In this study, InGaN/GaN heterostructures were grown on a c-plane flat sapphire substrate (FSS) by using the metalorganic chemical vapor deposition (MOCVD) technique. The flow rates of the ammonia gas varied from 9 SLM to 24 SLM for the growth of InGaN thin film, which was equivalent to the V/III ratio of 6211–16562. Results indicated that a higher V/III ratio promotes parasitic behavior by hydrogen dissociated from ammonia.

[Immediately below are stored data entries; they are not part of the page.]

Lemma Pstar_ext_large a T lam : 0 < a -> 0 <= T ->
  T * c * exp (T * c) < lam * Wscale a T -> Pstar_ext a T lam = 0.
Proof.
  intros Ha HT Hlarge. pose proof c_pos. pose proof (Wscale_pos a T Ha).
  pose proof (Pbar_nonneg a T Ha HT).
  assert (0 <= T * c * exp (T * c))
    by (pose proof (exp_pos (T * c)); apply Rmult_le_pos; [apply Rmult_le_pos |]; lra).
  destruct (W0_spec (lam * Wscale a T)) as [Hw0 Hfix]; [lra |].
  set (w := W0 (lam * Wscale a T)) in *.
  assert (Hw : T * c < w).
  { apply Rnot_le_lt. intros Hle.
    assert (exp w <= exp (T * c)) by now apply exp_le.
    pose proof (exp_pos w). nra. }
  assert (Hneg : Plam_ext a T lam < 0).
  { unfold Plam_ext. fold w. unfold Rpower. fold c.
    assert (Hprod : exp (T * c) * exp (- w) < 1).
    { rewrite <- exp_plus, <- exp_0. apply exp_increasing. lra. }
    replace (exp (T * c) / a * exp (- w) - 1 / a)
      with ((exp (T * c) * exp (- w) - 1) / a) by (field; lra).
    apply Rdiv_neg_pos; lra. }
  unfold Pstar_ext, Rmin, Rmax. repeat destruct Rle_dec; lra.
Qed.

Lemma sumN_ext f g n : (forall i, (i < n)%nat -> f i = g i) -> sumN f n = sumN g n.
Proof.
  induction n as [| n IH]; intros Hfg; simpl; [reflexivity |].
  rewrite IH by (intros; apply Hfg; lia). now rewrite Hfg by lia.
Qed.

Lemma sumN_const_0 n : sumN (fun _ => 0) n = 0.
Proof. induction n as [| n IH]; simpl; [| rewrite IH]; ring. Qed.

Lemma sumN_nonneg f n : (forall i, (i < n)%nat -> 0 <= f i) -> 0 <= sumN f n.
Proof.
  induction n as [| n IH]; intros Hf; simpl; [lra |].
  assert (0 <= sumN f n) by (apply IH; intros; apply Hf; lia).
  pose proof (Hf n (Nat.lt_succ_diag_r n)). lra.
Qed.

Lemma sumN_ge_term f n i : (forall j, (j < n)%nat -> 0 <= f j) -> (i < n)%nat ->
  f i <= sumN f n.
Proof.
  induction n as [| n IH]; intros Hf Hi; simpl; [lia |].
  assert (0 <= sumN f n) by (apply sumN_nonneg; intros; apply Hf; lia).
  destruct (Nat.eq_dec i n) as [-> | Hne]; [lra |].
  assert (f i <= sumN f n) by (apply IH; [intros; apply Hf |]; lia).
  pose proof (Hf n (Nat.lt_succ_diag_r n)). lra.
Qed.

Lemma sumN_lipschitz f g L n d : (forall i, (i < n)%nat -> Rabs (f i - g i) <= L i * d) ->
  Rabs (sumN f n - sumN g n) <= sumN L n * d.
Proof.
  induction n as [| n IH]; intros Hfg; simpl.
  - rewrite Rminus_0_r, Rabs_R0. lra.
  - assert (Rabs (sumN f n - sumN g n) <= sumN L n * d) by (apply IH; intros; apply Hfg; lia).
    pose proof (Hfg n (Nat.lt_succ_diag_r n)).
    replace (sumN f n + f n - (sumN g n + g n))
      with ((sumN f n - sumN g n) + (f n - g n)) by ring.
    eapply Rle_trans; [apply Rabs_triang |]. lra.
Qed.

Lemma first_index (P : nat -> Prop) n : P n ->
  exists m, P m /\ (m <= n)%nat /\ forall j, (j < m)%nat -> ~ P j.
Proof.
  intros Hn.
  destruct (dec_inh_nat_subset_has_unique_least_element P (fun k => classic (P k)))
    as [m [[Hm Hleast] _]]; [now exists n |].
  exists m. split; [| split]; [assumption | now apply Hleast |].
  intros j Hj Pj. specialize (Hleast j Pj). lia.
Qed.

Lemma log2_ceiling x : 0 < x ->
  exists k, x <= 2 ^ k /\ INR k <= Rmax 0 (ln x / ln 2) + 1.
Proof.
  intros Hx. pose proof c_pos as Hln2. unfold c in Hln2.
  set (y := ln x / ln 2).
  destruct (archimed y) as [Hup1 Hup2].
  exists (Z.to_nat (up y)).
  assert (Hk : y <= INR (Z.to_nat (up y)) /\ INR (Z.to_nat (up y)) <= Rmax 0 y + 1).
  { destruct (Z_lt_le_dec (up y) 0) as [Hneg | Hnn].
    - assert (IZR (up y) <= -1) by (apply IZR_le; lia).
      replace (Z.to_nat (up y)) with 0%nat by lia. simpl. pose proof (Rmax_l 0 y). lra.
    - rewrite INR_IZR_INZ, Z2Nat.id by assumption.
      pose proof (Rmax_r 0 y). lra. }
  split; [| tauto].
  rewrite <- (Rpower_pow _ 2), <- (exp_ln x) by lra.
  apply exp_le. replace (ln x) with (y * ln 2) by (unfold y; field; lra).
  apply Rmult_le_compat_r; lra.
Qed.
(* Let $\mathbf G$ and $\widetilde{\mathbf G}$ be finite oriented metric graphs, where $\widetilde{\mathbf G}$ is obtained from $\mathbf G$ by reversing the orientation of the edges in a subset $\mathcal J_-\subset\mathcal J$ (as described in the context), let $\Lambda$ be a linear relation in their common vertex space $\mathcal F$, let $D^{\Lambda_W}$ be the restriction of $D^{max}$ to $\{\Phi\in\widetilde H^1(\mathbf G;\mathbb C^2):(W\Gamma^1\Phi,W\Gamma^2\Phi)\in\Lambda\}$ and $\widetilde D^{\Lambda_{\widetilde W}}$ the restriction of $\widetilde D^{max}$ to $\{\widetilde\Phi\in\widetilde H^1(\widetilde{\mathbf G};\mathbb C^2):(\widetilde W\widetilde\Gamma^1\widetilde\Phi,\widetilde W\widetilde\Gamma^2\widetilde\Phi)\in\Lambda\}$. Then $$\widetilde D^{\Lambda_{\widetilde W}}P_{\mathcal J_-}=P_{\mathcal J_-}D^{\Lambda_W}.$$ In particular, $\widetilde D^{\Lambda_{\widetilde W}}$ and $D^{\Lambda_W}$ are unitarily equivalent.
   Context: Let $m\ge0$. A finite oriented metric graph has a finite nonempty vertex set $\mathcal V$, finite sets $\mathcal I$ (internal) and $\mathcal E$ (external) of edges, $\mathcal J=\mathcal I\cup\mathcal E\ne\emptyset$, no loops. Each internal edge $i$ has initial vertex $\partial_-i$ and terminal vertex $\partial_+i$ and is identified with $I_i=(a_i,b_i)$, $a_i\leftrightarrow\partial_-i$, $b_i\leftrightarrow\partial_+i$. An external edge $e$ attached to a vertex is identified with $(a_e,+\infty)$ if the vertex is its initial vertex ($\rho(e)=-1$) or with $(-\infty,b_e)$ if it is its terminal vertex ($\rho(e)=1$); $\partial e$ is the finite endpoint. Data on a graph: $\mathscr H=\bigoplus_jL^2(I_j;\mathbb C^2)$; $\widetilde H^1=\bigoplus_jH^1(I_j;\mathbb C^2)$; $D^{max}$ acts edgewise by $-i\sigma_1\phi_j'+m\sigma_3\phi_j$ ($\sigma_1=\begin{pmatrix}0&1\\1&0\end{pmatrix}$, $\sigma_3=\operatorname{diag}(1,-1)$); $\mathcal G=\bigoplus_j\mathcal G_j$, $\mathcal G_i=\mathbb C^2$, $\mathcal G_e=\mathbb C$; $\Gamma^1_i\Phi=(\phi_i^1(a_i),\phi_i^1(b_i))^T$, $\Gamma^2_i\Phi=(i\phi_i^2(a_i),-i\phi_i^2(b_i))^T$, $\Gamma^1_e\Phi=\phi_e^1(\partial e)$, $\Gamma^2_e\Phi=-i\rho(e)\phi^2_e(\partial e)$, $\Gamma^k=\bigoplus_j\Gamma^k_j$; vertex space $\mathcal F=\bigoplus_v\mathbb C^{\deg v}$; coordinates of $\mathcal G$ and $\mathcal F$ are labelled by pairs $(j,v)$, $v$ a vertex endpoint of $j$; in $\mathcal G$ ordered edge by edge in a fixed edge order (for internal edges the pair with the initial vertex first), in $\mathcal F$ vertex by vertex in a fixed vertex order and within a vertex by the fixed edge order; $W:\mathcal G\to\mathcal F$ is the permutation matrix sending coordinate $(j,v)$ of $\mathcal G$ to coordinate $(j,v)$ of $\mathcal F$. The graph $\widetilde{\mathbf G}$ has the same vertices and edges (with the same fixed orders) but for $j\in\mathcal J_-$ the initial and terminal vertices are swapped; an edge $j\in\mathcal J_-$ with interval $(a,b)$ in $\mathbf G$ (where $a$ or $b$ may be infinite) gets the interval $(-b,-a)$ in $\widetilde{\mathbf G}$, while edges in $\mathcal J\setminus\mathcal J_-$ keep their intervals. $\widetilde{\mathscr H},\widetilde D^{max},\widetilde\Gamma^1,\widetilde\Gamma^2,\widetilde W$ are defined by the same rules for $\widetilde{\mathbf G}$ (so $\mathcal F$ and its ordering coincide, but in $\widetilde{\mathcal G}=\mathcal G$ the order of the two pairs belonging to an internal edge in $\mathcal J_-$ is swapped). $P_{\mathcal J_-}:\mathscr H\to\widetilde{\mathscr H}$ is $\bigoplus_jP_{\mathcal J_-,j}$ with $P_{\mathcal J_-,j}$ the identity for $j\notin\mathcal J_-$ and $(P_{\mathcal J_-,j}\phi)(\tilde x)=\sigma_3\phi(-\tilde x)$ for $j\in\mathcal J_-$. *)

From mathcomp Require Import all_boot all_order all_algebra.
From mathcomp Require Import all_classical all_reals all_analysis.
Import Order.TTheory GRing.Theory Num.Theory.
From mathcomp Require Import complex.
Set Implicit Arguments. Unset Strict Implicit. Unset Printing Implicit Defensive.
Local Open Scope ring_scope.
Local Open Scope classical_set_scope.

(* A finite oriented metric graph.
   internal edge i : identified with (ia i, ib i), initial vertex src i, terminal tgt i.
   external edge e : attached at vertex eatt e, with finite endpoint ept e;
     einit e = true  : eatt e is the initial vertex (rho(e) = -1), interval (ept e, +oo)
     einit e = false : eatt e is the terminal vertex (rho(e) = 1), interval (-oo, ept e). *)
Record mgraph (R : realType) := MGraph {
  vert : finType; iedge : finType; eedge : finType;
  src : iedge -> vert; tgt : iedge -> vert;
  ia : iedge -> R; ib : iedge -> R;
  eatt : eedge -> vert; einit : eedge -> bool; ept : eedge -> R }.
Arguments vert {R} G : rename. Arguments iedge {R} G : rename. Arguments eedge {R} G : rename.
Arguments src {R} G _ : rename. Arguments tgt {R} G _ : rename. Arguments ia {R} G _ : rename. Arguments ib {R} G _ : rename.
Arguments eatt {R} G _ : rename. Arguments einit {R} G _ : rename. Arguments ept {R} G _ : rename.

Notation edge G := (iedge G + eedge G)%type.

Definition wf (R : realType) (G : mgraph R) : Prop :=
  [/\ (0 < #|{: vert G}|)%N, (forall i, src G i != tgt G i),
      (forall i, ia G i < ib G i) & (0 < #|{: iedge G}| + #|{: eedge G}|)%N].

Definition revG (R : realType) (G : mgraph R) (Jm : {set edge G}) : mgraph R :=
  @MGraph R (vert G) (iedge G) (eedge G)
    (fun i => if inl i \in Jm then tgt G i else src G i)
    (fun i => if inl i \in Jm then src G i else tgt G i)
    (fun i => if inl i \in Jm then - ib G i else ia G i)
    (fun i => if inl i \in Jm then - ia G i else ib G i)
    (eatt G)
    (fun e => if inr e \in Jm then ~~ einit G e else einit G e)
    (fun e => if inr e \in Jm then - ept G e else ept G e).

Definition Ij (R : realType) (G : mgraph R) (j : edge G) : set R :=
  match j with
  | inl i => [set` `]ia G i, ib G i[]
  | inr e => if einit G e then [set` `]ept G e, +oo[] else [set` `]-oo, ept G e[]
  end.
Definition Kj (R : realType) (G : mgraph R) (j : edge G) : set R :=
  match j with
  | inl i => [set` `[ia G i, ib G i]]
  | inr e => if einit G e then [set` `[ept G e, +oo[] else [set` `]-oo, ept G e]]
  end.

Arguments Ij {R} G j. Arguments Kj {R} G j.

Definition state (R : realType) (G : mgraph R) := edge G -> R -> R[i] * R[i].

Definition mu (R : realType) := @lebesgue_measure R.
Arguments mu R : clear implicits.

Definition L2r (R : realType) (D : set R) (f : R -> R) : Prop :=
  measurable_fun D f /\ (\int[mu R]_(x in D) ((f x) ^+ 2)%:E < +oo)%E.
Definition L2c (R : realType) (D : set R) (f : R -> R[i]) : Prop :=
  L2r D (fun x => Re (f x)) /\ L2r D (fun x => Im (f x)).
Definition L2 (R : realType) (G : mgraph R) (Phi : state G) : Prop :=
  forall j, L2c (Ij G j) (fun x => (Phi j x).1) /\ L2c (Ij G j) (fun x => (Phi j x).2).

Definition ACr (R : realType) (K : set R) (f g : R -> R) : Prop :=
  forall x y, K x -> K y -> x <= y ->
    (\int[mu R]_(t in [set` `[x, y]]) (g t)%:E = (f y - f x)%:E)%E.
(* f in H^1(I) (represented by its continuous representative on the closure K of I),
   with (weak) derivative g *)
Definition H1c (R : realType) (I K : set R) (f g : R -> R[i]) : Prop :=
  [/\ L2c I f, L2c I g, ACr K (fun x => Re (f x)) (fun x => Re (g x))
    & ACr K (fun x => Im (f x)) (fun x => Im (g x))].

Definition aeq (R : realType) (T : Type) (D : set R) (f g : R -> T) : Prop :=
  {ae mu R, forall x, D x -> f x = g x}.

(* coordinates of the space cal G: one per end (j,v) of an edge:
   inl (i,false) = (i, initial vertex), inl (i,true) = (i, terminal vertex), inr e = (e, ∂e) *)
Definition ends (R : realType) (G : mgraph R) := (iedge G * bool + eedge G)%type.

Definition rho (R : realType) (G : mgraph R) (e : eedge G) : R[i] :=
  if einit G e then -1 else 1.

The parasitic behavior from hydrogen species etches the InN away from the growing surface and transforms the growth morphology from 3D islands to 2D growth mode. A slight reduction in indium composition was observed when increasing the V/III ratio. Next, more stable bandgap energy was observed for the InGaN thin films grown at higher V/III ratios. Improvements in electrical properties in terms of electron mobility and sheet resistance were observed at a higher V/III ratio which is associated with the improvement of crystalline quality and less defect density at a higher V/III ratio. The correlation of strain and carrier density of the thin films was further discussed. It was concluded that the growth of high crystalline quality and thick InGaN thin film was possible for solar cell applications at higher V/III ratio growth conditions.

在这项研究中，InGaN/GaN 异质结构生长在c-平面平面蓝宝石衬底 (FSS) 通过使用金属有机化学气相沉积 (MOCVD) 技术。对于 InGaN 薄膜的生长，氨气的流量从 9 SLM 到 24 SLM 不等，相当于 V/III 比为 6211–16562。结果表明，较高的 V/III 比会促进从氨中解离的氢的寄生行为。来自氢物种的寄生行为将 InN 蚀刻远离生长表面，并将生长形态从 3D 岛转变为 2D 生长模式。当增加 V/III 比时，观察到铟成分略有减少。接下来，对于以较高 V/III 比生长的 InGaN 薄膜，观察到了更稳定的带隙能量。在较高的 V/III 比下观察到电子迁移率和薄层电阻方面的电性能改善，这与晶体质量的改善和较高 V/III 比下缺陷密度的降低有关。进一步讨论了薄膜应变与载流子密度的相关性。得出的结论是，在更高的 V/III 比生长条件下，对于太阳能电池应用来说，高结晶质量和厚 InGaN 薄膜的生长是可能的。